_Task item_
Across all the records, filter for lines with the word "instance" and copy them.

_Provided data_
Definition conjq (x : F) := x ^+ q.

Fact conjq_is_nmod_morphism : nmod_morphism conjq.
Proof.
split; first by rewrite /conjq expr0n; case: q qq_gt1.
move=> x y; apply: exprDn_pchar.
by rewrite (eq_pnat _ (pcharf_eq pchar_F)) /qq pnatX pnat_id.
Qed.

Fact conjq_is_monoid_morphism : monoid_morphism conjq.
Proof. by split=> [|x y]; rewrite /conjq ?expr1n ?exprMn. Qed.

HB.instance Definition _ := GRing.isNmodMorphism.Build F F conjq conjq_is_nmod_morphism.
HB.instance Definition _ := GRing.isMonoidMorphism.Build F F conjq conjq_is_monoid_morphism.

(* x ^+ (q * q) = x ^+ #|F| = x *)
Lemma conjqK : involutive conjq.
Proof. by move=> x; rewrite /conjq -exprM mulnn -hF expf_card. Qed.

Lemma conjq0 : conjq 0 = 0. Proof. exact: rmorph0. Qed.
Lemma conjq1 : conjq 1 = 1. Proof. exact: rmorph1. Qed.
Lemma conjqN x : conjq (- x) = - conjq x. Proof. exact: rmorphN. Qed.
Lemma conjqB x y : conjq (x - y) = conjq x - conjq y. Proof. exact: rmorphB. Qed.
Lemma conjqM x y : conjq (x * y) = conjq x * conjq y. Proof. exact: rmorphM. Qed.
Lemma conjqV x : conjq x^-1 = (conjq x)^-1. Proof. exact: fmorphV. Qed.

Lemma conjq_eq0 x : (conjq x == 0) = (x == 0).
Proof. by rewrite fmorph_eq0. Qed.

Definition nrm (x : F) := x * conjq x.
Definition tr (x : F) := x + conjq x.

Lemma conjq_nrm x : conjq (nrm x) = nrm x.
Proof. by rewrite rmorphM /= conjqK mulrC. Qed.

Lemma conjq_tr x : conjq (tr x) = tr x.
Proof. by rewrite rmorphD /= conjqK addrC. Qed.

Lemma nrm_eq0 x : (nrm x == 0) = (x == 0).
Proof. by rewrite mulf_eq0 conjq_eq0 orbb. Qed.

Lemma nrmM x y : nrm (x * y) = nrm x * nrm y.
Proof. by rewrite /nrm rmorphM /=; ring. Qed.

--

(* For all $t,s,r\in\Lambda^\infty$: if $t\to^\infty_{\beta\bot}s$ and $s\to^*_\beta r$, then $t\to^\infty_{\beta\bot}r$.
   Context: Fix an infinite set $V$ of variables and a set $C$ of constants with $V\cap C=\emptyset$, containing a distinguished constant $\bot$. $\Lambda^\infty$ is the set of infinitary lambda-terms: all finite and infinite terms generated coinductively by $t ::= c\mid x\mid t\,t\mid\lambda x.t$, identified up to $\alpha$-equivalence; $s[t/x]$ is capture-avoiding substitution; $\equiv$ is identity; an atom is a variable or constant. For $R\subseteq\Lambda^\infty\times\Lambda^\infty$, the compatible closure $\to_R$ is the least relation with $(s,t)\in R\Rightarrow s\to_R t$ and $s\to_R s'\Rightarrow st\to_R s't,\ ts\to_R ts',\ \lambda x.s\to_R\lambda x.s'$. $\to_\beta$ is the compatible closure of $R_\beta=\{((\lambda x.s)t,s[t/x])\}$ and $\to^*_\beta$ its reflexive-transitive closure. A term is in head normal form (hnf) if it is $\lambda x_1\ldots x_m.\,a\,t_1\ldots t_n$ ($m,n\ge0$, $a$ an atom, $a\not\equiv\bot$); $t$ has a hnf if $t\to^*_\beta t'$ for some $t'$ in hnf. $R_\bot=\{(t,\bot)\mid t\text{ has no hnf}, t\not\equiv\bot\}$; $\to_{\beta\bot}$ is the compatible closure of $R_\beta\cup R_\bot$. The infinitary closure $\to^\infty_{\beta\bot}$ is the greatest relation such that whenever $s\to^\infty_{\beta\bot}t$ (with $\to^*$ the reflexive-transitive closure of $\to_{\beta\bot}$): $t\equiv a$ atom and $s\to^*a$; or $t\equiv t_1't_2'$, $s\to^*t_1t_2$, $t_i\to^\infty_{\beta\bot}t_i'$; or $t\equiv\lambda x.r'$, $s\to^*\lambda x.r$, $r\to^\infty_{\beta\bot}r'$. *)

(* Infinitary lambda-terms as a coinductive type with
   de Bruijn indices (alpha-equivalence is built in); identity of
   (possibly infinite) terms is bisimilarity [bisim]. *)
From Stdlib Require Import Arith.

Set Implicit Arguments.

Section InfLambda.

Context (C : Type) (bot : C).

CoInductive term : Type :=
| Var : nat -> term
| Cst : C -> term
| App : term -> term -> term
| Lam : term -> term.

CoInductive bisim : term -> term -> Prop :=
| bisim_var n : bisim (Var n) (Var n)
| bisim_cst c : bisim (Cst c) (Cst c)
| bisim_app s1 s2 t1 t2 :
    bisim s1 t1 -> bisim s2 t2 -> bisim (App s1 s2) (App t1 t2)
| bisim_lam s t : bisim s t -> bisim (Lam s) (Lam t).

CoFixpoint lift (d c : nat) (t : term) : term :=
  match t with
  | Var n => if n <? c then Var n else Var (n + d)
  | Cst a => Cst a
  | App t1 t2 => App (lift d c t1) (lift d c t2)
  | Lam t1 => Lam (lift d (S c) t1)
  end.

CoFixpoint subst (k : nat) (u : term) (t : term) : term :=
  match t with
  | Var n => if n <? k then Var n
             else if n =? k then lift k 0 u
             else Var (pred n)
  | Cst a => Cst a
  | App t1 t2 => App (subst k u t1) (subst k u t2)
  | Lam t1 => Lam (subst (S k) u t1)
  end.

---

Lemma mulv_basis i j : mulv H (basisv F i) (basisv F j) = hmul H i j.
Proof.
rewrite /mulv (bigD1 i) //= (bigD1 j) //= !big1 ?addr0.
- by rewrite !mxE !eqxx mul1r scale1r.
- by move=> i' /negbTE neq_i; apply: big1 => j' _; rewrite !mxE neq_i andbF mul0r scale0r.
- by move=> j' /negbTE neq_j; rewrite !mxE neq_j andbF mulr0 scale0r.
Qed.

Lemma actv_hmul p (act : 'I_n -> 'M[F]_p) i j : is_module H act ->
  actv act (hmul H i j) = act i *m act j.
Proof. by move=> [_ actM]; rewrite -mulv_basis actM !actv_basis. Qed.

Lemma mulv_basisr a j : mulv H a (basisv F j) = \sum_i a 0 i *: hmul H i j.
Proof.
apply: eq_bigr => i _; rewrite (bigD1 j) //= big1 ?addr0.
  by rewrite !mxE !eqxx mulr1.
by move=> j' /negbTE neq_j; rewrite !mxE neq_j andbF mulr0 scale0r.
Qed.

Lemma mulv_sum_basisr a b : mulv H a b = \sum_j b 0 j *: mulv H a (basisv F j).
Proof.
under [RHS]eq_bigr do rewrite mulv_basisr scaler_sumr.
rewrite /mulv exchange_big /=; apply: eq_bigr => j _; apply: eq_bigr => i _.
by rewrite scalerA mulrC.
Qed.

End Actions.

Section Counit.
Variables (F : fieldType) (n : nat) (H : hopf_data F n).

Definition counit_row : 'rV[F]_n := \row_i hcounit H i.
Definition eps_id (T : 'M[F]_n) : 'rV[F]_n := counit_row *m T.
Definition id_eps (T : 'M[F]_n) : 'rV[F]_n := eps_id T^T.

_Response to the task_
HB.instance Definition _ := GRing.isNmodMorphism.Build F F conjq conjq_is_nmod_morphism.
HB.instance Definition _ := GRing.isMonoidMorphism.Build F F conjq conjq_is_monoid_morphism.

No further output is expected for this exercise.